“He IS in love with her, and they HAVE been going about together, but there is no truth in the charges.”
“I see,” said Muskham.
“The case is coming on quite soon. I persuaded Tony Croom to let me tell you of it; it would be so awkward for him to talk about himself.”
Muskham was looking at her with unmoved face.
“But,” he said, “I know Jerry Corven. I didn’t realise your sister had left him.”
“We keep it to ourselves.”
“Was her leaving him young Croom’s doing?”
“No. They only met on the boat coming over. Clare left Jerry for quite another reason. She and Tony Croom have been indiscreet, of course; they’ve been watched and seen together in what are known, I believe, as ‘compromising circumstances.’”
“How do you mean exactly?”
“Driving back from Oxford late one evening their lights failed and they spent the rest of the night in the car together.”
Jack Muskham raised his shoulders slightly. Dinny leaned forward with her eyes on his.
“I told you there was no truth in the charges; there is NONE.”

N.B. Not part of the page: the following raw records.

Theorem lemma4p8 (R : realType) (n : nat) (V : finType)
    (K : {set {set V}}) (h : (V -> R) -> Pn R n) (s : {set V}) :
  good_triangulation K h ->
  s \in K ->
  (simplex_img h s `&` @Hn R n) !=set0 ->
  simplex_img h s `&` @Hh R n = set0 ->
  exists ia : 'I_n * zinf,
    (simplex_img h s `&` @Hn R n `<=` @Hface R n ia.1 ia.2) /\
    (forall jb : 'I_n * zinf,
        simplex_img h s `&` @Hn R n `<=` @Hface R n jb.1 jb.2 -> jb = ia) /\
    (forall H' : set (Pn R n), cubical_face H' ->
        H' <> @Hface R n ia.1 ia.2 -> simplex_img h s `&` H' = set0).
Proof.
move=> good sK [z0 [sz0 Hz0]] noHh.
have offHh z : simplex_img h s z -> ~ Hh z.
  by move=> sz Hhz; have : (simplex_img h s `&` @Hh R n) z by []; rewrite noHh.
have [i [a z0ia]] := Hz0.
have onface z : simplex_img h s z -> Hn z -> Hface i a z.
  exact: (simplex_Hn_one_face good sK offHh sz0 z0ia).
exists (i, a); split; [|split].
- by move=> z [sz Hz]; exact: onface.
- by move=> [j b] /(_ z0 (conj sz0 Hz0)) z0jb; exact: Hface_uniq (offHh _ sz0) z0jb z0ia.
- move=> H' cubH' H'_neq; apply/seteqP; split=> [z [sz H'z]|//]; apply: H'_neq => /=.
  apply: (cubical_face_eq_Hface cubH' H'z (offHh _ sz)).
  exact: onface sz (cubical_face_sub_Hn cubH' H'z).
Qed.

“But, my dear Miss Cherrell, a man never admits—”
“That is why I came to you instead of Tony. My sister would not tell me a lie.”
Again Muskham made the slight movement of his shoulders.
“I don’t quite see—” he began.
“What it has to do with you? This: I don’t suppose they’ll be believed.”
“You mean if I just read the case it would put me off young Croom?”
“Yes, I think you would feel he had not ‘played the game.’” She could not quite keep irony out of her voice.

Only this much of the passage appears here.